# Labeling Records

The label phase opens an *interactive* learner where the user can mark the pairs found by **findTrainingData** phase as matches or non-matches. The **findTrainingData** phase generates edge cases for labeling and the label phase helps the user mark them.

`./zingg.sh --phase label --conf config.json <optional --showConcise=true|false>`

Proceed running **findTrainingData** followed by label phases till you have at least 30-40 positives, and when you see the predictions by Zingg converging with the output you want. At each stage, the user will get different variations of attributes across the records. Zingg performs pretty well with even a small number of training, as the samples to be labeled are chosen by the algorithm itself.

**How much training is enough**

The labelled data is the real configuration for Zingg, through which the different Zingg models get created. Heuristically, 30-40 matching records are a good start before you train and match. Actual numbers vary on the size of data, number of attributes, cluster sizes and performance needs. More training, like going to 500-1000 matches, will surely help with performance on almost any dataset.

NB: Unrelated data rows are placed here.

(* Let $(p_n)_{n \ge 1}$ be a strictly increasing sequence of prime numbers and fix $\ell \in \mathbb{N}$. Then $M = \left\langle \frac{1}{p_i p_{i+\ell}} \;\middle|\; i \in \mathbb{N} \right\rangle$ is an atomic weak reciprocal Puiseux monoid that does not satisfy the ascending chain condition on principal ideals (ACCP).
   Context: A Puiseux monoid is an additive submonoid of $(\mathbb{Q}_{\ge 0},+)$. A weak reciprocal Puiseux monoid is one of the form $\langle \frac{1}{d_n} \mid n \in \mathbb{N}\rangle$ for a strictly increasing sequence $(d_n)_{n\ge1}$ of positive integers. An atom of $M$ is a nonzero element $a$ such that $a=x+y$ with $x,y\in M$ forces $x=0$ or $y=0$; $M$ is atomic if each element is a finite sum of atoms. A principal ideal of $M$ is a set $r + M = \{r+q \mid q\in M\}$ with $r \in M$; $M$ satisfies the ACCP if every ascending chain of principal ideals is eventually constant. *)

From mathcomp Require Import all_boot all_order all_algebra.
Set Implicit Arguments. Unset Strict Implicit. Unset Printing Implicit Defensive.
Import Order.TTheory GRing.Theory Num.Theory.
Local Open Scope ring_scope.

Definition gen (g : nat -> rat) : rat -> Prop :=
  fun q => exists s : seq nat, q = \sum_(i <- s) g i.

Definition puiseux_monoid (M : rat -> Prop) : Prop :=
  [/\ M 0, (forall x y, M x -> M y -> M (x + y)) & (forall x, M x -> 0 <= x)].

Definition weak_reciprocal (M : rat -> Prop) : Prop :=
  puiseux_monoid M /\
  exists d : nat -> nat,
    (forall m n, (m < n)%N -> (d m < d n)%N) /\ (forall n, (0 < d n)%N) /\
    (forall q, M q <-> gen (fun n => 1 / (d n)%:R) q).

Definition atom (M : rat -> Prop) (a : rat) : Prop :=
  M a /\ a <> 0 /\
  (forall x y, M x -> M y -> a = x + y -> x = 0 \/ y = 0).

Definition atomic (M : rat -> Prop) : Prop :=
  forall q, M q -> exists s : seq rat,
    (forall a, a \in s -> atom M a) /\ q = \sum_(a <- s) a.

Definition pideal (M : rat -> Prop) (r : rat) : rat -> Prop :=
  fun x => exists q, M q /\ x = r + q.

Definition ACCP (M : rat -> Prop) : Prop :=
  forall r : nat -> rat,
    (forall n, M (r n)) ->
    (forall n x, pideal M (r n) x -> pideal M (r n.+1) x) ->
    exists N, forall n, (N <= n)%N -> forall x, pideal M (r n) x <-> pideal M (r N) x.

(* Write a_j = 1/(p_j p_(j+l)); these generators strictly decrease.  Suppose
   a_i were a sum of smaller generators, so all summands have index > i.  For
   n > i let T_n be the part of the sum with indices in n + lN.  By descending
   induction p_n T_n is an integer: T_n = c a_n + T_(n+l) gives
   p_n p_(n+l) T_n in Z, while T_n = a_i - (other summands) has denominator
   prime to p_(n+l).  Taking n in (i, i+l] in the residue class of a summand
   yields 1 <= p_n T_n <= p_(i+l) a_i = 1/p_i, a contradiction; so every a_i is
   an atom.  ACCP fails along 1/p_(kl), since
   1/p_(kl) = 1/p_((k+1)l) + (p_((k+1)l) - p_(kl)) a_(kl). *)

From mathcomp Require Import all_boot all_order all_algebra zify ring.
Import Order.TTheory GRing.Theory Num.Theory.
Set Implicit Arguments.
Unset Strict Implicit.
Local Open Scope ring_scope.

Section GeneratedMonoid.
Variable g : nat -> rat.

Lemma gen_generator j : gen g (g j).
Proof. by exists [:: j]; rewrite big_seq1. Qed.

Lemma gen0 : gen g 0.
Proof. by exists [::]; rewrite big_nil. Qed.

Lemma genD x y : gen g x -> gen g y -> gen g (x + y).
Proof. by move=> [s ->] [t ->]; exists (s ++ t); rewrite big_cat. Qed.

Lemma genMn j c : gen g (g j *+ c).
Proof. by exists (nseq c j); rewrite big_nseq iter_addr_0. Qed.

Hypothesis g_gt0 : forall j, 0 < g j.

Lemma gen_ge0 x : gen g x -> 0 <= x.
Proof. by move=> [s ->]; apply: sumr_ge0 => j _; apply: ltW. Qed.

Lemma puiseux_monoid_gen : puiseux_monoid (gen g).
Proof. by split; [apply: gen0 | apply: genD | apply: gen_ge0]. Qed.

Lemma sum_gen_gt0 s : s != [::] -> 0 < \sum_(j <- s) g j.
Proof.
by case: s => // j s _; rewrite big_cons ltr_pwDl // sumr_ge0 // => i _; apply: ltW.
Qed.

Lemma gen_le_sum (P : pred nat) s j :
  j \in s -> P j -> g j <= \sum_(k <- s | P k) g k.
Proof.
move=> js Pj; rewrite (big_rem j js) Pj lerDl sumr_ge0 // => k _; exact: ltW.
Qed.

Lemma atom_gen i :
  (forall s, (forall j, j \in s -> g j < g i) -> g i <> \sum_(j <- s) g j) ->
  atom (gen g) (g i).
Proof.
move=> not_sum_smaller; split; first exact: gen_generator.
split; first exact/eqP/lt0r_neq0.
move=> _ _ [s ->] [t ->] gi_st.
have [->|s0] := eqVneq s [::]; first by left; rewrite big_nil.
have [->|t0] := eqVneq t [::]; first by right; rewrite big_nil.
exfalso; apply: (not_sum_smaller (s ++ t)); last by rewrite big_cat.
move=> j; rewrite mem_cat gi_st => /orP[js | jt].
  by apply: ltr_pwDr; [exact: sum_gen_gt0 | exact: (@gen_le_sum predT)].
by apply: ltr_pwDl; [exact: sum_gen_gt0 | exact: (@gen_le_sum predT)].
Qed.

Lemma atomic_gen : (forall i, atom (gen g) (g i)) -> atomic (gen g).
Proof.
move=> atom_g _ [s ->]; exists (map g s); split; last by rewrite big_map.
by move=> _ /mapP[j _ ->]; apply: atom_g.
Qed.

End GeneratedMonoid.

Lemma not_ACCP_decreasing (M : rat -> Prop) (r : nat -> rat) :
  puiseux_monoid M -> (forall n, M (r n)) -> (forall n, M (r n - r n.+1)) ->
  (forall n, r n.+1 < r n) -> ~ ACCP M.
Proof.
move=> [M0 MD M_ge0] Mr Mdiff r_decr /(_ r Mr) [].
  move=> n _ [q [Mq ->]]; exists (r n - r n.+1 + q); split; first exact: MD.
  by rewrite addrA addrCA subrr addr0.
move=> N /(_ N.+1 (leqnSn N) (r N.+1)) [to_rN _].
have [q [/M_ge0 q_ge0 rN]] : pideal M (r N) (r N.+1).
  by apply: to_rN; exists 0; rewrite addr0; split.
by have := r_decr N; rewrite rN ltNge lerDl q_ge0.
Qed.

(* [x] lies in the localization Z_(q). *)
Definition qintegral (q : nat) (x : rat) : Prop :=
  exists2 N : nat, ~~ (q %| N)%N & N%:R * x \is a Num.int.

Section QIntegral.
Variable q : nat.
Hypothesis q_prime : prime q.

Lemma qintegral0 : qintegral q 0.
Proof. by exists 1%N; rewrite ?mulr0 ?int_num0 // dvdn1 neq_ltn prime_gt1 ?orbT. Qed.

Lemma qintegral_invn n : ~~ (q %| n)%N -> qintegral q n%:R^-1.
Proof.
move=> qn; exists n => //; rewrite mulfV ?int_num1 // pnatr_eq0.
by apply: contraNneq qn => ->; rewrite dvdn0.
Qed.

Lemma qintegralD x y : qintegral q x -> qintegral q y -> qintegral q (x + y).
Proof.
move=> [M qM Mx] [N qN Ny]; exists (M * N)%N.
  by rewrite Euclid_dvdM // negb_or qM qN.
have -> : (M * N)%:R * (x + y) = M%:R * x * N%:R + M%:R * (N%:R * y).
  by rewrite natrM; ring.
by apply: rpredD; apply: rpredM; rewrite ?natr_int.
Qed.

Lemma qintegralN x : qintegral q x -> qintegral q (- x).
Proof. by move=> [N qN Nx]; exists N; rewrite // mulrN rpredN. Qed.

Lemma qintegral_sum (I : Type) (s : seq I) (P : pred I) (F : I -> rat) :
  (forall i, P i -> qintegral q (F i)) -> qintegral q (\sum_(i <- s | P i) F i).
Proof. by move=> qF; apply: big_ind => //; [exact: qintegral0 | exact: qintegralD]. Qed.

Lemma qintegral_cancel d x :
  qintegral q x -> (d * q)%:R * x \is a Num.int -> d%:R * x \is a Num.int.
Proof.
move=> [N qN /intrP[z Nx]] /intrP[w dqx].
have w_eq : (N%:Z * w = (d * q)%:Z * z)%R.
  by apply: (@intr_inj rat); rewrite !intrM -dqx -Nx !pmulrn mulrCA.
have /dvdzP[k w_kq] : (q %| w)%Z.
  have : (q %| N%:Z * w)%Z by rewrite w_eq PoszM mulrAC dvdz_mull.
  by rewrite !dvdzE abszM absz_nat Euclid_dvdM // (negbTE qN).
have q0 : (q%:R : rat) != 0 by rewrite pnatr_eq0 -lt0n prime_gt0.
suff -> : d%:R * x = k%:~R by rewrite intr_int.
by apply: (mulIf q0); rewrite mulrAC -natrM dqx w_kq intrM pmulrn.
Qed.

End QIntegral.

Definition residue_tail (ell n j : nat) : bool := (n <= j)%N && (j == n %[mod ell]).

Lemma residue_tail_step ell n j : (0 < ell)%N ->
  residue_tail ell n j = (j == n) || residue_tail ell (n + ell) j.
Proof.
move=> ell_gt0; rewrite /residue_tail modnDr.
have [-> | j_neq_n] := eqVneq j n; first by rewrite leqnn eqxx.
apply/andP/andP => -[le_nj j_n]; split => //; last first.
  by apply: leq_trans le_nj; rewrite leq_addr.
have lt_nj : (n < j)%N by rewrite ltn_neqAle eq_sym j_neq_n.
rewrite (eqn_mod_dvd _ le_nj) in j_n.
have : (ell <= j - n)%N by apply: dvdn_leq; rewrite ?subn_gt0.
lia.
Qed.

Lemma sum_residue_tail ell (F : nat -> rat) s n : (0 < ell)%N ->
  \sum_(j <- s | residue_tail ell n j) F j =
  \sum_(j <- s | j == n) F j + \sum_(j <- s | residue_tail ell (n + ell) j) F j.
Proof.
move=> ell_gt0; rewrite (bigID (pred1 n)) /=; congr (_ + _); apply: eq_bigl => j.
  by rewrite residue_tail_step //; case: eqP; rewrite ?andbF.
rewrite residue_tail_step //; case: eqVneq => [->|_]; last by rewrite andbT.
by rewrite /residue_tail ltn_geF // -{1}[n]addn0 ltn_add2l.
Qed.

Section ReciprocalPrimePairs.
Variables (p : nat -> nat) (ell : nat).
Hypotheses (p_prime : forall n, prime (p n))
  (p_incr : forall m n, (m < n)%N -> (p m < p n)%N) (ell_gt0 : (0 < ell)%N).

Definition recip_pair (j : nat) : rat := 1 / (p j * p (j + ell))%:R.

Let p_leq : {mono p : m n / (m <= n)%N}. Proof. exact: leq_mono. Qed.
Let p_inj : injective p. Proof. exact: incn_inj. Qed.

Lemma recip_pair_gt0 j : 0 < recip_pair j.
Proof. by rewrite /recip_pair div1r invr_gt0 ltr0n muln_gt0 !prime_gt0. Qed.

Lemma recip_pair_le m n : (m <= n)%N -> recip_pair n <= recip_pair m.
Proof.
move=> le_mn; rewrite /recip_pair !div1r lef_pV2 ?posrE ?ltr0n ?muln_gt0 ?prime_gt0 //.
by rewrite ler_nat leq_mul ?p_leq ?leq_add2r.
Qed.

Lemma recip_pairK j : (p j * p (j + ell))%:R * recip_pair j = 1.
Proof.
by rewrite /recip_pair mul1r mulfV // pnatr_eq0 muln_eq0 negb_or -!lt0n !prime_gt0.
Qed.

Lemma recip_pair_qintegral k j :
  k != j -> k != j + ell -> qintegral (p k) (recip_pair j).
Proof.
move=> kj kjl; rewrite /recip_pair div1r; apply: qintegral_invn.
by rewrite Euclid_dvdM // !dvdn_prime2 // !(inj_eq p_inj) negb_or kj kjl.
Qed.

Section NotSumOfSmaller.
Variables (i : nat) (s : seq nat).
Hypothesis pair_i_sum : recip_pair i = \sum_(j <- s) recip_pair j.

Let tail_sum n := \sum_(j <- s | residue_tail ell n j) recip_pair j.

Lemma tail_sum_qintegral n : (i < n)%N -> qintegral (p (n + ell)) (tail_sum n).
Proof.
move=> lt_in.
have -> : tail_sum n =
    recip_pair i - \sum_(j <- s | ~~ residue_tail ell n j) recip_pair j.
  by rewrite pair_i_sum (bigID (residue_tail ell n)) addrK.
apply: qintegralD => //; first by apply: recip_pair_qintegral; lia.
apply/qintegralN/qintegral_sum => // j tail_j.
apply: recip_pair_qintegral; apply: contraNneq tail_j.
  by move=> <-; rewrite /residue_tail leq_addr modnDr eqxx.
by move=> /addIn <-; rewrite /residue_tail leqnn eqxx.
Qed.

Lemma tail_sum_scaled_int n : (i < n)%N -> (p n)%:R * tail_sum n \is a Num.int.
Proof.
suff tail_int k m : (i < m)%N -> (forall j, j \in s -> (j < m + k)%N) ->
    (p m)%:R * tail_sum m \is a Num.int.
  move=> lt_in; apply: (tail_int (\max_(j <- s) j).+1) => // j js.
  have : (j <= \max_(k <- s) k)%N by apply: leq_bigmax_seq.
  lia.
elim: k m => [|k IHk] m lt_im s_lt.
  rewrite /tail_sum big_seq_cond big_pred0 ?mulr0 ?int_num0 // => j.
  by apply/andP => -[/s_lt + /andP[+ _]]; lia.
apply: (qintegral_cancel (p_prime (m + ell)) (tail_sum_qintegral lt_im)).
rewrite /tail_sum sum_residue_tail // -/(tail_sum _) mulrDr.
apply: rpredD.
  rewrite mulr_sumr; apply: rpred_sum => j /eqP ->.
  by rewrite recip_pairK int_num1.
rewrite natrM -mulrA; apply/rpredM/IHk; rewrite ?natr_int //; first by lia.
by move=> j /s_lt; lia.
Qed.

Lemma not_sum_of_later : (forall j, j \in s -> (i < j)%N) -> False.
Proof.
move=> later.
have [m ms] : exists m, m \in s.
  case: s pair_i_sum => [|m t _]; last by exists m; rewrite mem_head.
  by rewrite big_nil => /eqP; rewrite gt_eqF ?recip_pair_gt0.
pose n := (i.+1 + (m - i.+1) %% ell)%N.
have lt_in : (i < n)%N by lia.
have le_n_iell : (n <= i + ell)%N by have := ltn_pmod (m - i.+1) ell_gt0; lia.
have tail_m : residue_tail ell n m.
  have lt_im := later m ms.
  rewrite /residue_tail /n modnDmr subnKC // eqxx andbT.
  by have := leq_mod (m - i.+1) ell; lia.
have tail_gt0 : 0 < tail_sum n.
  exact: lt_le_trans (recip_pair_gt0 m) (gen_le_sum recip_pair_gt0 ms tail_m).
have tail_le : tail_sum n <= recip_pair i.
  rewrite pair_i_sum [X in _ <= X](bigID (residue_tail ell n)) lerDl.
  by rewrite sumr_ge0 // => j _; apply/ltW/recip_pair_gt0.
have p_n_gt0 : 0 < (p n)%:R :> rat by rewrite ltr0n prime_gt0.
have := norm_intr_ge1 (tail_sum_scaled_int lt_in)
  (lt0r_neq0 (mulr_gt0 p_n_gt0 tail_gt0)).
rewrite gtr0_norm ?mulr_gt0 // => /le_trans/(_ (ler_wpM2l (ltW p_n_gt0) tail_le)).
rewrite /recip_pair mulrA mulr1 ler_pdivlMr ?ltr0n ?muln_gt0 ?prime_gt0 //.
rewrite mul1r ler_nat.
have : (2 * p (i + ell) <= p i * p (i + ell))%N by rewrite leq_mul2r prime_gt1 ?orbT.
have : (p n <= p (i + ell))%N by rewrite p_leq.
have := prime_gt0 (p_prime (i + ell)); lia.
Qed.

End NotSumOfSmaller.

Lemma recip_pair_atom i : atom (gen recip_pair) (recip_pair i).
Proof.
apply: (atom_gen recip_pair_gt0) => s smaller /not_sum_of_later; apply=> j /smaller.
by apply: contraTT; rewrite -leqNgt -leNgt; apply: recip_pair_le.
Qed.

Lemma weak_reciprocal_recip_pairs : weak_reciprocal (gen recip_pair).
Proof.
split; first exact: puiseux_monoid_gen recip_pair_gt0.
exists (fun n => p n * p (n + ell))%N; split=> [m n lt_mn | ]; last split => // n.
  by apply: ltn_mul; apply: p_incr; rewrite ?ltn_add2r.
by rewrite muln_gt0 !prime_gt0.
Qed.

Lemma invp_recip_pair n : (p n)%:R^-1 = recip_pair n *+ p (n + ell).
Proof.
by rewrite /recip_pair -mulr_natr natrM; field; rewrite !pnatr_eq0 -!lt0n !prime_gt0.
Qed.

Lemma invp_sub_recip_pair n :
  (p n)%:R^-1 - (p (n + ell))%:R^-1 = recip_pair n *+ (p (n + ell) - p n).
Proof.
rewrite mulrnBr ?p_leq ?leq_addr // -invp_recip_pair /recip_pair -mulr_natr natrM.
by field; rewrite !pnatr_eq0 -!lt0n !prime_gt0.
Qed.

Lemma not_ACCP_recip_pairs : ~ ACCP (gen recip_pair).
Proof.
apply: (@not_ACCP_decreasing _ (fun k => (p (k * ell))%:R^-1)).
- exact: puiseux_monoid_gen recip_pair_gt0.
- by move=> k; rewrite invp_recip_pair; apply: genMn.
- by move=> k; rewrite mulSnr invp_sub_recip_pair; apply: genMn.
move=> k; rewrite mulSnr ltf_pV2 ?posrE ?ltr0n ?prime_gt0 // ltr_nat.
by apply: p_incr; rewrite -addn1 leq_add2l.
Qed.

End ReciprocalPrimePairs.

Theorem proposition4p7 (p : nat -> nat) (ell : nat)
  (hprime : forall n, prime (p n))
  (hincr : forall m n, (m < n)%N -> (p m < p n)%N)
  (hell : (0 < ell)%N) :
  let M := gen (fun i => 1 / (p i * p (i + ell))%:R) in
  [/\ puiseux_monoid M, weak_reciprocal M, atomic M & ~ ACCP M].
Proof.
split.
- exact: puiseux_monoid_gen (recip_pair_gt0 ell hprime).
- exact: weak_reciprocal_recip_pairs.
- exact: atomic_gen (recip_pair_atom hprime hincr hell).
- exact: not_ACCP_recip_pairs.
Qed.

Point to remember here is - Is the effort worth it :smile:

![Shows records and asks user to mark yes, no, can't say on the cli.](https://524808071-files.gitbook.io/~/files/v0/b/gitbook-x-prod.appspot.com/o/spaces%2FGh6QkdUgeylq0gyuMmBw%2Fuploads%2Fgit-blob-cf3181376aa6b90efb764bbe1f4340e2c210edf4%2Flabelvertical.gif?alt=media)

The **showConcise** flag when passed to the Zingg command line only shows fields which are **NOT DONT\_USE**


---

# Agent Instructions: Querying This Documentation

If you need additional information that is not directly available in this page, you can query the documentation dynamically by asking a question.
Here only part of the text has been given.